◆ **Given records**
(* If an affine phi is >= 0 along the sequence, vanishes at its limit x and its
   linear part kills u_1, ..., u_{j-1}, then its linear part is >= 0 on u_j:
   on the j-th normalised residual the linear part equals phi(x_i) / |residual|. *)
Lemma frenet_step_supported (n : nat) (xs : nat -> vec) (x : vec) (u : nat -> vec)
    (j : nat) (phi : vec -> R) :
  affine n phi -> (forall i, 0 <= phi (xs i)) -> phi x = 0 ->
  frenet_step n xs x u j ->
  (forall l, (1 <= l < j)%nat -> phi (vadd x (u l)) = phi x) ->
  phi x <= phi (vadd x (u j)).
Proof.
  intros [g [h Hgh]] Hxs Hx [Hnz Hcv] Hprev.
  assert (Hlin : forall y, phi (vadd x y) - phi x = dot n g y)
    by (intros y; rewrite !Hgh, dot_vadd_r; ring).
  assert (Hg : forall l, (1 <= l < j)%nat -> dot n g (u l) = 0)
    by (intros l Hl; rewrite <- Hlin, Hprev by exact Hl; ring).
  cut (0 <= dot n g (u j)); [rewrite <- Hlin; lra|].
  apply (lim_ge _ _ 0 (dot_limit n g _ _ Hcv)). intros i.
  rewrite dot_vscale_r. unfold resid. rewrite dot_sub_r.
  unfold proj. rewrite dot_rsum_r, rsum_zero by (intros l Hl; rewrite Hg by lia; ring).
  rewrite dot_sub_r.
  assert (Hpos : 0 < norm n (resid n xs x u (j - 1) i)).
  { pose proof (sqrt_pos (dot n (resid n xs x u (j - 1) i) (resid n xs x u (j - 1) i))).
    specialize (Hnz i). unfold norm in *. lra. }
  specialize (Hxs i). rewrite Hgh in Hxs, Hx.
  apply Rmult_le_pos; [left; apply Rinv_0_lt_compat; exact Hpos | lra].
Qed.

(** * Choosing the step lengths *)

Lemma small_step (N : nat) (c a : nat -> R) : exists lam, 0 < lam /\
  forall q, (q < N)%nat -> 0 < c q -> 0 < c q + lam * a q.
Proof.
  induction N as [|N [l0 [Hl0 H0]]].
  - exists 1. split; [lra | intros; lia].
  - destruct (Rlt_dec 0 (c N)) as [HcN|HcN].
    + pose proof (Rabs_pos (a N)). pose proof (Rle_abs (- a N)). rewrite Rabs_Ropp in *.
      set (l1 := c N / (Rabs (a N) + 1)).
      assert (Hl1 : 0 < l1) by (apply Rdiv_lt_0_compat; lra).
      assert (El1 : l1 * (Rabs (a N) + 1) = c N) by (unfold l1; field; lra).
      exists (Rmin l0 l1).
      pose proof (Rmin_l l0 l1). pose proof (Rmin_r l0 l1).
      pose proof (Rmin_glb_lt l0 l1 0 Hl0 Hl1).
      split; [assumption|]. intros q Hq Hc.
      destruct (Nat.eq_dec q N) as [->|]; [nra|].
      specialize (H0 q ltac:(lia) Hc). destruct (Rle_dec 0 (a q)); nra.
    + exists l0. split; [exact Hl0|]. intros q Hq Hc.
      destruct (Nat.eq_dec q N) as [->|]; [lra | apply H0; auto; lia].
Qed.

(* If every vector (c_q, a_q1, ..., a_qK), q < N, is lexicographically >= 0,
   there are step lengths lam_1, ..., lam_K > 0 such that all partial sums
   c_q + lam_1 a_q1 + ... + lam_j a_qj are >= 0: choose lam_1 so that the
   strictly positive c_q stay positive, then recurse on c_q + lam_1 a_q1. *)
Lemma lex_step_lengths (K N : nat) : forall (c : nat -> R) (a : nat -> nat -> R),
  (forall q, (q < N)%nat -> 0 <= c q) ->
  (forall q, (q < N)%nat -> c q = 0 -> forall j, (1 <= j <= K)%nat ->
     (forall l, (1 <= l < j)%nat -> a q l = 0) -> 0 <= a q j) ->
  exists lam : nat -> R, (forall j, (1 <= j <= K)%nat -> 0 < lam j) /\
    forall q, (q < N)%nat -> forall j, (j <= K)%nat ->
      0 <= c q + rsum (fun l => lam (S l) * a q (S l)) j.
Proof.
  induction K as [|K IH]; intros c a Hc Hlex.
  - exists (fun _ => 0). split; [intros; lia|].
    intros q Hq j Hj. replace j with 0%nat by lia. simpl. specialize (Hc q Hq). lra.
  - destruct (small_step N c (fun q => a q 1%nat)) as [l1 [Hl1 H1]].
    assert (Hcases : forall q, (q < N)%nat -> 0 < c q \/ (c q = 0 /\ 0 <= a q 1%nat)).
    { intros q Hq. destruct (Hc q Hq) as [|E]; [left; assumption | right; split; [auto|]].
      apply (Hlex q Hq (eq_sym E) 1%nat ltac:(lia)). intros; lia. }
    destruct (IH (fun q => c q + l1 * a q 1%nat) (fun q l => a q (S l))) as [lam' [Hp Hs]].
    + intros q Hq. destruct (Hcases q Hq) as [H|[H H']].
      * specialize (H1 q Hq H). lra.
      * nra.
    + intros q Hq E j Hj Hl. destruct (Hcases q Hq) as [H|[H H']].
      * specialize (H1 q Hq H). lra.
      * assert (a q 1%nat = 0) by nra.
        apply (Hlex q Hq H (S j) ltac:(lia)). intros l Hl'.
        destruct l as [|[|l]]; [lia | assumption | apply Hl; lia].
    + exists (fun j => match j with 0%nat => 0 | 1%nat => l1 | S j' => lam' j' end). split.
      * intros [|[|j]] Hj; [lia | exact Hl1 | apply Hp; lia].
      * intros q Hq [|j] Hj; [simpl; specialize (Hc q Hq); lra|].
        rewrite rsum_shift. specialize (Hs q Hq j ltac:(lia)).
        simpl. lra.
Qed.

◆ **Work instruction**
Say how many lines of these records hold the string "that", giving the number and no other words.

◆ **Exercise answer**
2